Write each line again exactly as it is, from the opening line of the records below through the one containing "unfold Rabs in", and add nothing.

(Records contained in a dataset)
===============

Lemma cet4_left_limit (k : nat) : (k < 4)%nat ->
  side_limit D (cet4_map d) (brk d k) (end_value d (prev_piece k)).
Proof.
  intros Hk. set (i := prev_piece k).
  assert (Hi : (i < 4)%nat) by (unfold i; destruct k as [|[|[|[|k]]]]; simpl; lia).
  pose proof (brk_bounds i Hi).
  apply (side_limit_of_path _ _ _ _ (piece_len d i) (fun t => brk d (S i) - t));
    [unfold piece_len; lra|].
  intros t Ht. unfold piece_len in Ht.
  assert (Hz : brk d i < brk d (S i) - t < brk d (S i)) by lra.
  split; [apply Dom_cet4; now exists i|]. split.
  - (* at [k = 0] the left neighbour is the last piece, approaching [1 ~ 0] *)
    pose proof (cdist_le_Rabs (brk d (S i) - t) (brk d k)).
    pose proof (cdist_le_compl (brk d (S i) - t) (brk d k)).
    unfold i in *; destruct k as [|[|[|[|k]]]]; simpl in *; try lia;
      unfold Rabs in *; destruct (Rcase_abs _); lra.
  - rewrite (cet4_map_piece i _ Hi Hz). unfold end_value.
    destruct (slope_cases d i) as [E | E]; rewrite E;
      unfold Rabs; destruct (Rcase_abs _); lra.
Qed.

Lemma cet4_right_limit (k : nat) : (k < 4)%nat ->
  side_limit D (cet4_map d) (brk d k) (start_value d k).
Proof.
  intros Hk. pose proof (brk_bounds k Hk).
  apply (side_limit_of_path _ _ _ _ (piece_len d k) (fun t => brk d k + t));
    [unfold piece_len; lra|].
  intros t Ht. unfold piece_len in Ht.
  assert (Hz : brk d k < brk d k + t < brk d (S k)) by lra.
  split; [apply Dom_cet4; now exists k|]. split.
  - eapply Rle_trans; [apply cdist_le_Rabs|]. unfold Rabs; destruct (Rcase_abs _); lra.
  - rewrite (cet4_map_piece k _ Hk Hz). unfold start_value.
    destruct (slope_cases d k) as [E | E]; rewrite E;
      unfold Rabs; destruct (Rcase_abs _); lra.
Qed.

===============

** Answer area **
Lemma cet4_left_limit (k : nat) : (k < 4)%nat ->
  side_limit D (cet4_map d) (brk d k) (end_value d (prev_piece k)).
Proof.
  intros Hk. set (i := prev_piece k).
  assert (Hi : (i < 4)%nat) by (unfold i; destruct k as [|[|[|[|k]]]]; simpl; lia).
  pose proof (brk_bounds i Hi).
  apply (side_limit_of_path _ _ _ _ (piece_len d i) (fun t => brk d (S i) - t));
    [unfold piece_len; lra|].
  intros t Ht. unfold piece_len in Ht.
  assert (Hz : brk d i < brk d (S i) - t < brk d (S i)) by lra.
  split; [apply Dom_cet4; now exists i|]. split.
  - (* at [k = 0] the left neighbour is the last piece, approaching [1 ~ 0] *)
    pose proof (cdist_le_Rabs (brk d (S i) - t) (brk d k)).
    pose proof (cdist_le_compl (brk d (S i) - t) (brk d k)).
    unfold i in *; destruct k as [|[|[|[|k]]]]; simpl in *; try lia;
      unfold Rabs in *; destruct (Rcase_abs _); lra.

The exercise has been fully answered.